Wednesday, June 17, 2015

CANON OF FILM: "ATLANTIC CITY"

ATLANTIC CITY (1980)

Director: Louis Malle
Screenplay: John Guare



I’ve noticed that a common theme in many Louis Malle films is the coming together of characters or in some cases, people, and the reasons for how they end up together. There's always different reasons. Many times this is sexual, oftentimes it can be trivial, sometimes even taboo. Malle hardly ever gets mentioned when putting together a list of even the best French Directors. He was a French New Wave filmmaker with films like “Elevator to the Gallows,” and “The Lovers” that pushed the boundaries and standards of the time, although seem tame by today’s (and to a certain extent, their own) time. He also, unlike contemporaries like Melville and Godard, he was a minimalist, and oftentimes, his films have only the bare essentials of directing. 

I’ve written on his autobiographical film “Au Revoir, Les Enfants,” one of the last films he made in France, but that might be the exception. He made famous documentaries about India that eventually got the BBC banned in India. He went onto America where he would make “Pretty Baby,” with Brooke Shields, and possibly his best film “My Dinner with Andre,” a film that’s an entire dinner conversation between two New York playwrights who are basically playing variations on themselves. His last movie was "Vanya on 42nd Street" a part-documentary, part-theatrical production about a group of actors who every year, book a theater or 42nd street for a week and perform Chekhov's "Uncle Vanya".  
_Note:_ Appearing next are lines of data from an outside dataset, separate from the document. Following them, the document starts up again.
(* Let $\kappa$ be a cardinal (finite or infinite), let $\mathbb{F}$ be a field, and let $V$ be the vector space over $\mathbb{F}$ presented by generators $x_\alpha, y_\alpha, z_\alpha$ ($\alpha\in\kappa$) subject to the relations $x_\alpha+y_\alpha+z_\alpha=0$ ($\alpha\in\kappa$). Define $F\colon \mathcal{P}(\kappa)^3\to \mathrm{Sub}(V)$ by $F(A,B,C)=\mathrm{Span}\{x_\alpha:\alpha\in A\}+\mathrm{Span}\{y_\beta:\beta\in B\}+\mathrm{Span}\{z_\gamma:\gamma\in C\}$. Then the restriction of $F$ to $M_3[\mathcal{P}(\kappa)]$ is a bounded lattice embedding $M_3[\mathcal{P}(\kappa)]\to\mathrm{Sub}(V)$. Consequently, when $\kappa$ is infinite, the restriction of $F$ to the lattice $S$ is a bounded lattice embedding $S\to \mathrm{Sub}(V)$; in particular $S$ is isomorphic to a bounded sublattice of the lattice of all subspaces of a vector space.
   Context: $\mathcal{P}(\kappa)$ is the Boolean lattice of all subsets of $\kappa$ and $\mathrm{Sub}(V)$ is the lattice of all subspaces of $V$ (join is the sum of subspaces, meet is intersection). For a distributive lattice $L$, a triple $(a,b,c)\in L^3$ is balanced if $a\wedge b=a\wedge c=b\wedge c$; $M_3[L]$ denotes the set of balanced triples, which is a lattice with componentwise meet and with join $(a,b,c)\vee(a',b',c')=\overline{(a\vee a',b\vee b',c\vee c')}$, where for $(a,b,c)\in L^3$ one sets $\mu(a,b,c)=(a\wedge b)\vee(a\wedge c)\vee(b\wedge c)$ and $\overline{(a,b,c)}=(a\vee\mu(a,b,c),\,b\vee\mu(a,b,c),\,c\vee\mu(a,b,c))$. For infinite $\kappa$: $\mathcal{F}(\kappa)$ is the set of subsets $X\subseteq\kappa$ that are finite or have finite complement $\kappa\setminus X$ (a Boolean sublattice of $\mathcal{P}(\kappa)$); $T=\{(A,B,C)\in\mathcal{F}(\kappa)^3 : C\setminus \mu(A,B,C)\text{ is finite}\}$, where $\mu(A,B,C)=(A\cap B)\cup(A\cap C)\cup(B\cap C)$; and $S=T\cap M_3[\mathcal{F}(\kappa)]$, ordered componentwise (a bounded sublattice of $M_3[\mathcal{F}(\kappa)]$, itself a sublattice of $M_3[\mathcal{P}(\kappa)]$). *)

From HB Require Import structures.
From mathcomp Require Import all_boot all_order all_algebra.
From mathcomp Require Import boolp classical_sets cardinality.
Set Implicit Arguments. Unset Strict Implicit. Unset Printing Implicit Defensive.
Import GRing.Theory.
Local Open Scope ring_scope.
Local Open Scope classical_set_scope.

Section Subspaces.
Variables (F : fieldType) (V : lmodType F).

Definition subspace (U : set V) : Prop :=
  U 0 /\ (forall u v, U u -> U v -> U (u + v)) /\ (forall (a : F) u, U u -> U (a *: u)).

Definition span (S : set V) : set V :=
  [set v | forall U : set V, subspace U -> S `<=` U -> U v].

Definition ssum (U W : set V) : set V :=
  [set v | exists u w, U u /\ W w /\ v = u + w].
End Subspaces.

(* (V, x, y, z) is the F-vector space presented by generators x_a, y_a, z_a
   (a in K) subject to the relations x_a + y_a + z_a = 0: the generators
   satisfy the relations, span V, and the universal property holds. *)
Definition presentation (K : Type) (F : fieldType) (V : lmodType F)
    (x y z : K -> V) : Prop :=
  (forall a, x a + y a + z a = 0) /\
  span (range x `|` range y `|` range z) = setT /\
  (forall (W : lmodType F) (x' y' z' : K -> W),
      (forall a, x' a + y' a + z' a = 0) ->
      exists f : V -> W,
        (forall u v, f (u + v) = f u + f v) /\
        (forall (c : F) u, f (c *: u) = c *: f u) /\
        (forall a, f (x a) = x' a /\ f (y a) = y' a /\ f (z a) = z' a)).

Section Triples.
Variable K : Type.

Definition triple := (set K * set K * set K)%type.
Definition tA (t : triple) : set K := t.1.1.
Definition tB (t : triple) : set K := t.1.2.
Definition tC (t : triple) : set K := t.2.

Definition mu (A B C : set K) : set K := (A `&` B) `|` (A `&` C) `|` (B `&` C).

(* balanced triples: elements of M_3[P(K)] *)
Definition balanced (t : triple) : Prop :=
  tA t `&` tB t = tA t `&` tC t /\ tA t `&` tC t = tB t `&` tC t.

Definition tbot : triple := (set0, set0, set0).
Definition ttop : triple := (setT, setT, setT).

Definition tmeet (t s : triple) : triple :=
  (tA t `&` tA s, tB t `&` tB s, tC t `&` tC s).

Definition closure (t : triple) : triple :=
  let m := mu (tA t) (tB t) (tC t) in (tA t `|` m, tB t `|` m, tC t `|` m).

Definition tjoin (t s : triple) : triple :=
  closure (tA t `|` tA s, tB t `|` tB s, tC t `|` tC s).

Definition fincofin (X : set K) : Prop := finite_set X \/ finite_set (~` X).

(* membership in S = T ∩ M_3[F(K)] *)
Definition inS (t : triple) : Prop :=
  fincofin (tA t) /\ fincofin (tB t) /\ fincofin (tC t) /\
  finite_set (tC t `\` mu (tA t) (tB t) (tC t)) /\ balanced t.
End Triples.

Definition Fmap (K : Type) (F : fieldType) (V : lmodType F) (x y z : K -> V)
    (t : triple K) : set V :=
  ssum (ssum (span (x @` tA t)) (span (y @` tB t))) (span (z @` tC t)).

Definition bounded_embedding_on (K : Type) (F : fieldType) (V : lmodType F)
    (P : triple K -> Prop) (f : triple K -> set V) : Prop :=
  f (tbot K) = [set 0] /\ f (ttop K) = setT /\
  (forall t s, P t -> P s -> f t = f s -> t = s) /\
  (forall t s, P t -> P s ->
     f (tmeet t s) = f t `&` f s /\ f (tjoin t s) = ssum (f t) (f s)).

(* V is the direct sum over b of the planes V_b spanned by x b, y b, z b, and
   F(A,B,C) is the sum over b of the subspaces of V_b spanned by the generators
   indexed by b.  In V_b the lines through x b, y b, z b pairwise meet in 0 and
   any two of them span V_b, so the balanced patterns (no letter, one letter,
   all three) give a copy of M_3 in Sub(V_b).  Joins are preserved for all
   triples since any two of x b, y b, z b generate the third; meets and
   injectivity are read off coordinatewise through linear forms provided by the
   universal property.  The one non-formal step is that a vector whose
   coordinates are compatible with a triple t lies in F(t): it lies in the span
   of finitely many V_b, which are split off one at a time. *)

From Pilot Require Import Defs.
From HB Require Import structures.
From mathcomp Require Import all_boot all_order all_algebra.
From mathcomp Require Import boolp classical_sets cardinality.
From Stdlib Require List.
Set Implicit Arguments. Unset Strict Implicit. Unset Printing Implicit Defensive.
Import GRing.Theory.
Local Open Scope ring_scope.
Local Open Scope classical_set_scope.

Section Subspaces.
Variables (F : fieldType) (V : lmodType F).
Implicit Types (S T U W : set V) (u v w : V).

Lemma subspace0 : subspace [set (0 : V)].
Proof.
split=> //; split; first by move=> u v -> ->; rewrite addr0.
by move=> a u ->; rewrite scaler0.
Qed.

Section Closure.
Variables (U : set V) (sU : subspace U).

Lemma subspace_mem0 : U 0.
Proof. by case: sU. Qed.

Lemma subspaceD u v : U u -> U v -> U (u + v).
Proof. by case: sU => _ [addU _]; apply: addU. Qed.

Lemma subspaceZ (a : F) u : U u -> U (a *: u).
Proof. by case: sU => _ [_ scaleU]; apply: scaleU. Qed.

Lemma subspaceN u : U u -> U (- u).
Proof. by rewrite -scaleN1r; apply: subspaceZ. Qed.

Lemma subspace_third u v w : u + v + w = 0 -> U v -> U w -> U u.
Proof.
move=> /eqP; rewrite -addrA addr_eq0 => /eqP -> Uv Uw.
by apply: subspaceN; apply: subspaceD.
Qed.

Lemma subspace_comb (a b : F) u v :
  U u \/ a = 0 -> U v \/ b = 0 -> U (a *: u + b *: v).
Proof.
have Z c w : U w \/ c = 0 -> U (c *: w).
  by case=> [Uw|->]; [apply: subspaceZ|rewrite scale0r; apply: subspace_mem0].
by move=> /Z Uu /Z Uv; apply: subspaceD.
Qed.

End Closure.

Lemma subset_span S : S `<=` Defs.span S.
Proof. by move=> v Sv U _; apply. Qed.

Lemma span_minimal S U : subspace U -> S `<=` U -> Defs.span S `<=` U.
Proof. by move=> sU SU v; apply. Qed.

Lemma subspace_span S : subspace (Defs.span S).
Proof.
split; first by move=> U [].
split; first by move=> u v Su Sv U sU SU; apply: subspaceD (Su _ sU SU) (Sv _ sU SU).
by move=> a u Su U sU SU; apply: subspaceZ (Su _ sU SU).
Qed.

Lemma span_mono S T : S `<=` T -> Defs.span S `<=` Defs.span T.
Proof.
move=> ST; apply: span_minimal; first exact: subspace_span.
by move=> v /ST; apply: subset_span.
Qed.

Lemma span_set0 : Defs.span (set0 : set V) = [set 0].
Proof.
apply/seteqP; split; first exact: span_minimal subspace0 (sub0set _).
by move=> _ ->; apply: subspace_mem0 (subspace_span _).
Qed.

Lemma subspace_ssum U W : subspace U -> subspace W -> subspace (ssum U W).
Proof.
move=> sU sW; split.
  exists 0, 0; rewrite addr0.
  by split; [apply: subspace_mem0|split; [apply: subspace_mem0|]].
split.
  move=> _ _ [u1 [w1 [U1 [W1 ->]]]] [u2 [w2 [U2 [W2 ->]]]].
  exists (u1 + u2), (w1 + w2); rewrite addrACA.
  by split; [apply: subspaceD|split; [apply: subspaceD|]].
move=> a _ [u [w [Uu [Ww ->]]]]; exists (a *: u), (a *: w).
by rewrite scalerDr; split; [apply: subspaceZ|split; [apply: subspaceZ|]].
Qed.

Lemma ssum_minimal U W X : subspace X -> U `<=` X -> W `<=` X -> ssum U W `<=` X.
Proof.
by move=> sX UX WX _ [u [w [Uu [Ww ->]]]]; apply: subspaceD; [|apply: UX|apply: WX].
Qed.

Lemma span_setU S T : Defs.span (S `|` T) = ssum (Defs.span S) (Defs.span T).
Proof.
have [sS sT] := (subspace_span S, subspace_span T).
apply/seteqP; split.
  apply: span_minimal; first exact: subspace_ssum.
  move=> v [Sv|Tv].
    exists v, 0; rewrite addr0.
    by split; [apply: subset_span|split; [apply: subspace_mem0|]].
  exists 0, v; rewrite add0r.
  by split; [apply: subspace_mem0|split; [apply: subset_span|]].
apply: ssum_minimal; first exact: subspace_span.
  by apply: span_mono; apply: subsetUl.
by apply: span_mono; apply: subsetUr.
Qed.

End Subspaces.

Definition lin_map (F : fieldType) (V W : lmodType F) (f : V -> W) : Prop :=
  (forall u v, f (u + v) = f u + f v) /\ (forall (c : F) u, f (c *: u) = c *: f u).

Section LinearMaps.
Variables (F : fieldType) (V W : lmodType F) (f : V -> W) (lf : lin_map f).

Lemma lin_map0 : f 0 = 0.
Proof. by rewrite -(scale0r 0) lf.2 scale0r. Qed.

Lemma lin_mapB u v : f (u - v) = f u - f v.
Proof. by rewrite -scaleN1r lf.1 lf.2 scaleN1r. Qed.

Lemma subspace_preimage (U : set W) : subspace U -> subspace (f @^-1` U).
Proof.
move=> sU; split; first by rewrite /preimage /= lin_map0; apply: subspace_mem0.
split; first by move=> u v; rewrite /preimage /= lf.1 => Uu Uv; exact: (subspaceD sU Uu Uv).
by move=> a u; rewrite /preimage /= lf.2 => Uu; exact: (subspaceZ sU a Uu).
Qed.

End LinearMaps.

Definition two_imply_third (A B C : Prop) : Prop :=
  (A /\ B -> C) /\ (A /\ C -> B) /\ (B /\ C -> A).

Lemma balancedP (K : Type) (t : triple K) b :
  balanced t -> two_imply_third (tA t b) (tB t b) (tC t b).
Proof.
move=> [eAB eAC]; split; [|split] => h.
- by have : (tA t `&` tB t) b by []; rewrite eAB => -[].
- by have : (tA t `&` tC t) b by []; rewrite -eAB => -[].
- by have : (tB t `&` tC t) b by []; rewrite -eAC -eAB => -[].
Qed.

Definition delta {K : Type} {F : fieldType} (a b : K) : F :=
  if pselect (a = b) then 1 else 0.

Lemma deltaxx (K : Type) (F : fieldType) (a : K) : delta a a = 1 :> F.
Proof. by rewrite /delta; case: pselect. Qed.

Lemma delta_neq (K : Type) (F : fieldType) (a b : K) : a <> b -> delta a b = 0 :> F.
Proof. by rewrite /delta; case: pselect. Qed.

Lemma deltaZ (K : Type) (F : fieldType) (W : lmodType F) (f : K -> W) (a b : K) :
  delta a b *: f a = delta a b *: f b.
Proof. by have [->|ab] := pselect (a = b); last by rewrite delta_neq // !scale0r. Qed.

Section PresentedSpace.
Variables (K : Type) (F : fieldType) (V : lmodType F) (x y z : K -> V).
Hypothesis xyz0 : forall a, x a + y a + z a = 0.

Definition gens3 (A B C : set K) : set V := x @` A `|` y @` B `|` z @` C.

Local Notation Fm := (Fmap x y z).

Lemma Fmap_spanE t : Fm t = Defs.span (gens3 (tA t) (tB t) (tC t)).
Proof. by rewrite /Fmap -!span_setU. Qed.

Lemma subspace_Fmap t : subspace (Fm t).
Proof. by rewrite Fmap_spanE; apply: subspace_span. Qed.

Lemma Fmap_mono t s :
  tA t `<=` tA s -> tB t `<=` tB s -> tC t `<=` tC s -> Fm t `<=` Fm s.
Proof.
move=> sA sB sC; rewrite !Fmap_spanE; apply: span_mono.
by move=> _ [[[a /sA Aa <-]|[a /sB Ba <-]]|[a /sC Ca <-]]; [left; left|left; right|right];
  exists a.
Qed.

Lemma mem_Fmap_x t a : tA t a \/ (tB t a /\ tC t a) -> Fm t (x a).
Proof.
rewrite Fmap_spanE; case=> [Aa|[Ba Ca]]; first by apply: subset_span; left; left; exists a.
by apply: (subspace_third (subspace_span _) (xyz0 a)); apply: subset_span;
  [left; right|right]; exists a.
Qed.

Lemma mem_Fmap_y t a : tB t a \/ (tA t a /\ tC t a) -> Fm t (y a).
Proof.
rewrite Fmap_spanE; case=> [Ba|[Aa Ca]]; first by apply: subset_span; left; right; exists a.
have yxz0 : y a + x a + z a = 0 by rewrite (addrC (y a)) xyz0.
by apply: (subspace_third (subspace_span _) yxz0); apply: subset_span;
  [left; left|right]; exists a.
Qed.

Lemma mem_Fmap_z t a : tC t a \/ (tA t a /\ tB t a) -> Fm t (z a).
Proof.
rewrite Fmap_spanE; case=> [Ca|[Aa Ba]]; first by apply: subset_span; right; exists a.
have zxy0 : z a + x a + y a = 0 by rewrite -addrA addrC xyz0.
by apply: (subspace_third (subspace_span _) zxy0); apply: subset_span;
  [left; left|left; right]; exists a.
Qed.

Lemma Fmap_closure u : Fm (Defs.closure u) = Fm u.
Proof.
apply/seteqP; split; last by apply: Fmap_mono; apply: subsetUl.
rewrite [Fm (Defs.closure u)]Fmap_spanE; apply: span_minimal (subspace_Fmap u) _.
move=> _ [[[a Ha <-]|[a Ha <-]]|[a Ha <-]];
  [apply: mem_Fmap_x|apply: mem_Fmap_y|apply: mem_Fmap_z];
  by case: Ha => [|[[[]|[]]|[]]]; tauto.
Qed.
Sometimes its dinner that brings his characters together, other times it’s a play, while other times, his characters come together for reasons that aren’t as literal. In “Atlantic City,” all the characters come together out of desperation. Desperation also drives the plot of the movie. Shot just a couple years after gambling had becomed legalized in New Jersey, the movie depicts an Atlantic City as a dying and decaying tourist town, standing, barely, side-by-side with a new Atlantic City that’s trying to emulate the Las Vegas Strip along the famous Boardwalk, a desperate attempt to bring tourists. 

Lou (Burt Lancaster) is an old, old-time numbers runner for the Mob, but now his job is not only dying out, it’s becoming legitimate. He's left with nothing but memories of the old days, and one annoying downstairs relic, Grace (Kate Reid) who he waits on hand-and-foot, at least somewhat loyally. Sally (Susan Sarandon) is his next-door neighbor who he sometimes peers at through his window as she rubs lemons over her body while listening to French music. She works at the oyster bar at the casino, although she’s studying to become a blackjack dealer, hoping eventually to move to Monte Carlo. Her baggage shows up looking like Joseph and Mary searching for a room, but it’s her husband Dave from Saskatchewan and her pregnant little sister Chrissie who he ran off with (Robert Joy and Hollie MacLaren). 

Dave’s also gotten a hold of some cocaine, and through a coincidence, hires Lou to work as his dealer for a client. After Dave gets killed, Lou finds that he’s inherited small fortune in cocaine, and has every intention of selling it and becoming like the big-time mobsters that he only worked for before. We get drawn into these characters the same way they keep getting drawn into the lore and promises of Atlantic City. They steal but they’re not thieves. They manipulate, they hustle, and they do almost anything to get what they want, always failing, always trying again; always getting caught up in their own dreams. 

It’s hard to completely call the movie unpredictable, but the characters certainly can be. That’s because the actors aren’t caught up in a movie about a drug deal gone bad, they’re people caught up in their own lives, which happens to include the drug deal gone bad. They come together out of geographical convenience, coincidence, and out of necessary desperation. I’ve used that word a lot in this article, “desperation;” it’s reserved for characters such as these who live on the fringes of society. If they were rich, the word would be greed or single-mindedly obsessive, cause they’re acting of out want but these characters act out of need.  

It’s a film that seems strangely relevant to today’s Las Vegas (My hometown) as we work to reinvent and restore our town. Two timeless characters who are simultaneously of their time and place and also capable of living and occurring anywhere and anytime, I think that’s probably the other motif in Malle’s work. Timelessness.